The prime minister estimates about 95 percent of all the buildings on Barbuda were either destroyed or damaged.
The island nation is now bracing for impact from Category 4 Hurricane Jose.
On the island of St. Martin, shared by France and the Netherlands, there are "scenes of pillaging" as people loot stores and take to the streets in search of food and water, according to Annick Girardin, France's minister for overseas territories.
It could be up to six months before all power is restored on cash-strapped Puerto Rico, a U.S. commonwealth, where Irma knocked out power to more than 1 million people. Witnesses say wires are either lying in the streets or dangling from the poles that managed to stay upright.
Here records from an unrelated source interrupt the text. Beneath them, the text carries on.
(** * Counting in the multigraph H *)

Lemma sum_nat_of_bool (T : finType) (P : pred T) : \sum_(x : T) (P x : nat) = #|[set x | P x]|.
Proof. by rewrite -sum1dep_card [RHS]big_mkcond; apply: eq_bigr => x _; case: (P x). Qed.

Lemma double_counting (T U : finType) (R : T -> U -> bool) :
  \sum_(x : T) #|[set y | R x y]| = \sum_(y : U) #|[set x | R x y]|.
Proof.
under eq_bigr do rewrite -sum_nat_of_bool.
by rewrite exchange_big; apply: eq_bigr => y _; rewrite sum_nat_of_bool.
Qed.

Lemma card_set_pair (T U : finType) (A : {set T * U}) :
  #|A| = \sum_(x : T) #|[set y | (x, y) \in A]|.
Proof.
rewrite -sum1_card; under [RHS]eq_bigr do rewrite -sum1_card.
by rewrite pair_big_dep; apply: eq_bigl => -[x y]; rewrite inE.
Qed.

Section Multigraph.
Variables (V E : finType) (src tgt : E -> V).
Hypothesis Hloop : loopless src tgt.
Local Notation inc := (incident src tgt).
Local Notation joins := (joins src tgt).

Definition other_end (w : V) (e : E) : V := if src e == w then tgt e else src e.

Lemma joinsE e w w' : joins e w w' = inc w e && (w' == other_end w e).
Proof.
rewrite /joins /incident /other_end; have Hl := Hloop e.
case: (src e =P w) => [<-|Hs] /=.
  by rewrite (eq_sym (tgt e) (src e)) (negbTE Hl) andbF orbF eq_sym.
by rewrite andbC (eq_sym w').
Qed.
(* Let $p$ be a prime and let $e\in\mathcal{B}(\mathbb{Q}_p(\mathbb{N}))$ be an idempotent. For $i\in\mathbb{N}$ let $e_i=e\delta_i\in\mathbb{Q}_p(\mathbb{N})$ be the $i$-th column of the matrix of $e$, and choose $n\in\mathbb{N}$ such that $e_i$ has all entries in $\mathbb{Z}_p$ for every $i>n$. Then there is an idempotent $f\in\mathcal{B}(\mathbb{Q}_p(\mathbb{N}))$ such that $fe=ef=f$, the image of $f$ is the finite-dimensional $\mathbb{Q}_p$-vector space $\sum_{i\in\mathbb{N},\,i\le n}\mathbb{Q}_p e_i$, and $e-f$ is an idempotent with $\|e-f\|\le1$.
   Context: $\mathbb{Q}_p(\mathbb{N})$ is the set of maps $\xi:\mathbb{N}\to\mathbb{Q}_p$ with $|\xi(i)|_p\le1$ for all but finitely many $i$, a $\mathbb{Z}_p$-module under coordinatewise operations, with the topology $\tau$ in which $A\subseteq\mathbb{Q}_p(\mathbb{N})$ is open iff for every finite $P\subseteq\mathbb{N}$ the set $A\cap\big(\prod_{i\in P}\mathbb{Q}_p\times\prod_{j\notin P}\mathbb{Z}_p\big)$ is open in the product topology. $\mathcal{B}(\mathbb{Q}_p(\mathbb{N}))$ is the algebra of $\tau$-continuous $\mathbb{Z}_p$-linear maps, with operator norm $\|T\|=\sup_{\|\xi\|\le1}\|T\xi\|$, $\|\xi\|=\max_i|\xi(i)|_p$. $\delta_i$ is the indicator function of $\{i\}$. *)

From HB Require Import structures.
From mathcomp Require Import all_boot all_order all_algebra.
Set Implicit Arguments. Unset Strict Implicit. Unset Printing Implicit Defensive.
Import Order.TTheory GRing.Theory Num.Theory.
Local Open Scope ring_scope.

Definition padic_abs (p : nat) (q : rat) : rat :=
  if q == 0 then 0
  else (p%:R : rat) ^+ (logn p `|denq q|%N) / (p%:R : rat) ^+ (logn p `|numq q|%N).

(* "K together with nrm is (a model of) the field Q_p of p-adic numbers":
   nrm is a non-archimedean absolute value on K (values are rational,
   as every value of |.|_p is a power of p or 0), extending the p-adic
   absolute value of Q (embedded by ratr), K is complete for nrm and Q
   is dense in K.  This characterizes Q_p (the completion of Q for
   |.|_p) up to unique isometric isomorphism. *)
Record is_Qp (p : nat) (K : fieldType) (nrm : K -> rat) : Prop := IsQp {
  Qp_nrm_ge0 : forall x, 0 <= nrm x;
  Qp_nrm_eq0 : forall x, nrm x = 0 <-> x = 0;
  Qp_nrmM : forall x y, nrm (x * y) = nrm x * nrm y;
  Qp_nrmD : forall x y, nrm (x + y) <= Num.max (nrm x) (nrm y);
  Qp_nrm_rat : forall q : rat, nrm (ratr q) = padic_abs p q;
  Qp_complete : forall u : nat -> K,
    (forall eps : rat, 0 < eps -> exists N, forall m n, (N <= m)%N -> (N <= n)%N ->
       nrm (u m - u n) < eps) ->
    exists l : K, forall eps : rat, 0 < eps -> exists N, forall n, (N <= n)%N ->
       nrm (u n - l) < eps;
  Qp_dense : forall (x : K) (eps : rat), 0 < eps ->
    exists q : rat, nrm (x - ratr q) < eps
}.

Section QpN.
Variables (K : fieldType) (nrm : K -> rat).

Definition in_Zp (a : K) : Prop := nrm a <= 1.

Definition inQpN (xi : nat -> K) : Prop :=
  exists n : nat, forall i, (n < i)%N -> in_Zp (xi i).

Definition boxP (P : seq nat) (xi : nat -> K) : Prop :=
  forall j, j \notin P -> in_Zp (xi j).

(* A is tau-open: A is a subset of Q_p(N) and, for every finite P, A /\ boxP P
   is (relatively) open in boxP P for the product topology, i.e. every
   point of A /\ boxP P has a basic product neighbourhood (finitely many
   coordinates constrained) whose trace on boxP P lies in A. *)
Definition tau_open (A : (nat -> K) -> Prop) : Prop :=
  (forall xi, A xi -> inQpN xi) /\
  forall (P : seq nat) (xi : nat -> K), A xi -> boxP P xi ->
    exists (F : seq nat) (eps : rat), 0 < eps /\
      forall eta, boxP P eta -> (forall i, i \in F -> nrm (eta i - xi i) < eps) -> A eta.

(* operators on Q_p(N) are represented by functions (nat -> K) -> (nat -> K);
   only their values on Q_p(N) matter. *)
Definition maps_QpN (T : (nat -> K) -> (nat -> K)) : Prop :=
  forall xi, inQpN xi -> inQpN (T xi).

Definition Zp_linear (T : (nat -> K) -> (nat -> K)) : Prop :=
  (forall xi eta, inQpN xi -> inQpN eta ->
     T (fun i => xi i + eta i) = (fun i => T xi i + T eta i)) /\
  (forall (a : K) xi, in_Zp a -> inQpN xi ->
     T (fun i => a * xi i) = (fun i => a * T xi i)).

Definition tau_continuous (T : (nat -> K) -> (nat -> K)) : Prop :=
  forall A, tau_open A -> tau_open (fun xi => inQpN xi /\ A (T xi)).

Definition inB (T : (nat -> K) -> (nat -> K)) : Prop :=
  [/\ maps_QpN T, Zp_linear T & tau_continuous T].

Definition is_idempotent (T : (nat -> K) -> (nat -> K)) : Prop :=
  forall xi, inQpN xi -> T (T xi) = T xi.

(* ||xi|| = max_i |xi i|_p <= 1  iff every coordinate lies in Z_p *)
Definition vnorm_le1 (xi : nat -> K) : Prop := forall i, in_Zp (xi i).

Definition opnorm_le1 (T : (nat -> K) -> (nat -> K)) : Prop :=
  forall xi, inQpN xi -> vnorm_le1 xi -> vnorm_le1 (T xi).

End QpN.

Definition delta (K : fieldType) (i : nat) : nat -> K :=
  fun j => if j == i then 1 else 0.

Definition opsub (K : fieldType) (S T : (nat -> K) -> (nat -> K)) :
  (nat -> K) -> (nat -> K) := fun xi j => S xi j - T xi j.

From HB Require Import structures.
From mathcomp Require Import all_boot all_order all_algebra.
From Stdlib Require Import Classical FunctionalExtensionality.
Import Order.TTheory GRing.Theory Num.Theory.
Local Open Scope ring_scope.
Set Implicit Arguments. Unset Strict Implicit. Unset Printing Implicit Defensive.

(* V := span(e_0, ..., e_n) is the image under e of the vectors supported on
   [0, n].  Gaussian elimination with full pivoting, always pivoting on a
   coordinate of maximal absolute value, gives a basis w_0, ..., w_(d-1) of V
   with entries in Z_p and pivot coordinates r_0, ..., r_(d-1) such that
   w_j(r_l) = [j = l].  Then P x := sum_j x(r_j) w_j is a projection onto V
   that reads finitely many coordinates through integral weights, and f := P e
   is the required idempotent.  For ||xi|| <= 1 write xi = xi' + xi'' with xi'
   supported on [0, n] and xi'' on (n, oo): (e - f) xi' = 0 since e xi' lies in
   V, while e xi'' is integral by tau-continuity of e (xi'' is a limit of
   finite combinations of the integral columns e_i, i > n, with coefficients
   in Z_p), hence so is (e - f) xi'' = e xi'' - P e xi''.  Only the ultrametric
   inequality of |.|_p is used: neither the primality of p nor completeness
   plays a role. *)

Record nonarch_abs (K : fieldType) (nrm : K -> rat) : Prop := NonarchAbs {
  nrm_ge0 : forall x, 0 <= nrm x;
  nrm_eq0 : forall x, nrm x = 0 <-> x = 0;
  nrmM : forall x y, nrm (x * y) = nrm x * nrm y;
  nrmD_max : forall x y, nrm (x + y) <= Num.max (nrm x) (nrm y) }.

Lemma is_Qp_nonarch_abs p (K : fieldType) (nrm : K -> rat) :
  is_Qp p nrm -> nonarch_abs nrm.
Proof. by case=> *; split. Qed.

Section NonarchAbs.
Variables (K : fieldType) (nrm : K -> rat).
Hypothesis hnrm : nonarch_abs nrm.

Lemma nrm0 : nrm 0 = 0.
Proof. exact/(nrm_eq0 hnrm). Qed.

Lemma nrm_gt0 x : x != 0 -> 0 < nrm x.
Proof.
move=> x0; rewrite lt_def (nrm_ge0 hnrm) andbT.
by apply: contraNneq x0 => /(nrm_eq0 hnrm) ->.
Qed.

Lemma nrm1 : nrm 1 = 1.
Proof.
apply: (mulfI (lt0r_neq0 (nrm_gt0 (oner_neq0 K)))).
by rewrite -(nrmM hnrm) !mulr1.
Qed.

Lemma nrmN x : nrm (- x) = nrm x.
Proof.
have nrmN1 : nrm (-1) = 1.
  apply/eqP; rewrite -sqrp_eq1 ?(nrm_ge0 hnrm) //.
  by rewrite expr2 -(nrmM hnrm) mulrNN mulr1 nrm1.
by rewrite -mulN1r (nrmM hnrm) nrmN1 mul1r.
Qed.

Lemma nrmV x : x != 0 -> nrm x^-1 = (nrm x)^-1.
Proof.
move=> x0; have nx0 := lt0r_neq0 (nrm_gt0 x0).
by apply: (mulfI nx0); rewrite -(nrmM hnrm) !mulfV // nrm1.
Qed.

Lemma nrmD_le x y (b : rat) : nrm x <= b -> nrm y <= b -> nrm (x + y) <= b.
Proof. by move=> xb yb; apply: le_trans (nrmD_max hnrm x y) _; rewrite ge_max xb. Qed.

Lemma nrmD_lt x y (b : rat) : nrm x < b -> nrm y < b -> nrm (x + y) < b.
Proof. by move=> xb yb; apply: le_lt_trans (nrmD_max hnrm x y) _; rewrite gt_max xb. Qed.

Lemma nrmB_le x y (b : rat) : nrm x <= b -> nrm y <= b -> nrm (x - y) <= b.
Proof. by move=> xb yb; apply: nrmD_le; rewrite ?nrmN. Qed.

Lemma nrm_sum_lt (I : Type) (s : seq I) (P : pred I) (F : I -> K) (b : rat) :
  0 < b -> (forall i, P i -> nrm (F i) < b) -> nrm (\sum_(i <- s | P i) F i) < b.
Proof.
move=> b0 Fb; apply: (big_ind (fun x => nrm x < b)) => //; first by rewrite nrm0.
by move=> x y; apply: nrmD_lt.
Qed.

Lemma in_Zp0 : in_Zp nrm 0.
Proof. by rewrite /in_Zp nrm0. Qed.

Lemma in_ZpB a b : in_Zp nrm a -> in_Zp nrm b -> in_Zp nrm (a - b).
Proof. exact: nrmB_le. Qed.

Lemma in_ZpM a b : in_Zp nrm a -> in_Zp nrm b -> in_Zp nrm (a * b).
Proof.
rewrite /in_Zp (nrmM hnrm) => a1 b1; rewrite -[1]mulr1.
by apply: ler_pM; rewrite ?(nrm_ge0 hnrm).
Qed.

Lemma in_Zp_sum (I : Type) (s : seq I) (P : pred I) (F : I -> K) :
  (forall i, P i -> in_Zp nrm (F i)) -> in_Zp nrm (\sum_(i <- s | P i) F i).
Proof.
move=> FZ; apply: (big_ind (fun x => in_Zp nrm x)) => //; first exact: in_Zp0.
by move=> x y; apply: nrmD_le.
Qed.

End NonarchAbs.

Section FiniteCombinations.
Variable K : fieldType.

Definition column (T : (nat -> K) -> (nat -> K)) l := T (delta K l).

Definition trunc M (x : nat -> K) i := if (i < M)%N then x i else 0.

Lemma truncS M x : trunc M.+1 x = fun i => trunc M x i + x M * delta K M i.
Proof.
apply: functional_extensionality => i; rewrite /trunc /delta ltnS leq_eqVlt.
have [->|iM] := eqVneq i M; first by rewrite ltnn mulr1 add0r.
by rewrite mulr0 addr0.
Qed.

Definition span (E : nat -> nat -> K) k x :=
  exists c : nat -> K, x = fun i => \sum_(l < k) c l * E l i.

Section Span.
Variables (E : nat -> nat -> K) (k : nat).

Lemma span0 : span E k (fun _ => 0).
Proof.
exists (fun _ => 0); apply: functional_extensionality => i.
by rewrite big1 // => l _; rewrite mul0r.
Qed.

Lemma spanD x y : span E k x -> span E k y -> span E k (fun i => x i + y i).
Proof.
move=> [c ->] [c' ->]; exists (fun l => c l + c' l).
by apply: functional_extensionality => i; rewrite -big_split; apply: eq_bigr => l _; rewrite mulrDl.
Qed.

Lemma spanB x y : span E k x -> span E k y -> span E k (fun i => x i - y i).
Proof.
move=> [c ->] [c' ->]; exists (fun l => c l - c' l).
by apply: functional_extensionality => i; rewrite -sumrB; apply: eq_bigr => l _; rewrite mulrBl.
Qed.

Lemma spanZ a x : span E k x -> span E k (fun i => a * x i).
Proof.
move=> [c ->]; exists (fun l => a * c l).
by apply: functional_extensionality => i; rewrite mulr_sumr; apply: eq_bigr => l _; rewrite mulrA.
Qed.

Lemma span_sum d (a : nat -> K) (w : nat -> nat -> K) :
  (forall j, (j < d)%N -> span E k (w j)) -> span E k (fun i => \sum_(j < d) a j * w j i).
Proof.
elim: d => [|d IH] wV.
  have -> : (fun i => \sum_(j < 0) a j * w j i) = (fun _ => 0).
    by apply: functional_extensionality => i; rewrite big_ord0.
  exact: span0.
have -> : (fun i => \sum_(j < d.+1) a j * w j i) =
          (fun i => \sum_(j < d) a j * w j i + a d * w d i).
  by apply: functional_extensionality => i; rewrite big_ord_recr.
by apply: spanD; [apply: IH => j jd; apply: wV; apply: leqW | apply/spanZ/wV].
Qed.

Lemma span_widen x : span E k x -> span E k.+1 x.
Proof.
move=> [c ->]; exists (fun l => if (l < k)%N then c l else 0).
apply: functional_extensionality => i; rewrite big_ord_recr /= ltnn mul0r addr0.
by apply: eq_bigr => l _; rewrite ltn_ord.
Qed.

Lemma span_mem : span E k.+1 (E k).
Proof.
exists (fun l => if l == k then 1 else 0).
apply: functional_extensionality => i; rewrite big_ord_recr /= eqxx mul1r.
by rewrite big1 ?add0r // => l _; rewrite ifN ?mul0r // neq_ltn ltn_ord.
Qed.

End Span.

Definition pivot_proj d (r : nat -> nat) (w : nat -> nat -> K) (x : nat -> K) : nat -> K :=
  fun i => \sum_(j < d) x (r j) * w j i.

Section PivotProjection.
Variables (d : nat) (r : nat -> nat) (w : nat -> nat -> K).

Lemma pivot_projD x y :
  pivot_proj d r w (fun i => x i + y i) = fun i => pivot_proj d r w x i + pivot_proj d r w y i.
Proof.
by apply: functional_extensionality => i; rewrite -big_split; apply: eq_bigr => j _; rewrite mulrDl.
Qed.

Lemma pivot_projZ a x :
  pivot_proj d r w (fun i => a * x i) = fun i => a * pivot_proj d r w x i.
Proof.
by apply: functional_extensionality => i; rewrite mulr_sumr; apply: eq_bigr => j _; rewrite mulrA.
Qed.

Lemma pivot_proj_span E k x :
  (forall j, (j < d)%N -> span E k (w j)) -> span E k (pivot_proj d r w x).
Proof. exact: (span_sum (fun j => x (r j))). Qed.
Irma also lashed Haiti and the Dominican Republic, which share the island of Hispaniola, with fierce winds and heavy rain, but spared those two countries a direct hit.
Haitian authorities say Irma still caused mudslides and flooded highways and bridges, though, destroying ramshackle homes. Haiti, the poorest country in the Americas, is still recovering from a devastating earthquake in 2010 and Hurricane Matthew last October.
The U.S. Defense Department has deployed three navy ships, about two dozen aircraft and hundreds of Marines to help with recovery efforts in Puerto Rico and the U.S. Virgin Islands.
French and Dutch relief is being flown to their territories, and British Prime Minister Teresa May has sent a Royal Navy shipload of military personnel and emergency supplies to British territories in the Caribbean.
Emergency shelters in Florida are accommodating evacuees from the state's most vulnerable areas.
“Let’s hope there’s no hurricane amnesia,” Bossert, at the White House, told reporters, stressing that people in Florida should keep in mind the destruction caused by past storms and heed evacuation orders.
Florida Governor Rick Scott said all 7,000 Florida National Guard members are being deployed Friday and thousands of power workers are standing by, ready to go to work.
Noting that Irma is wider than Florida, Scott characterized it as “a catastrophic storm that this state has never seen before.”
The governor warned, “we are running out of time. The storm is almost here.”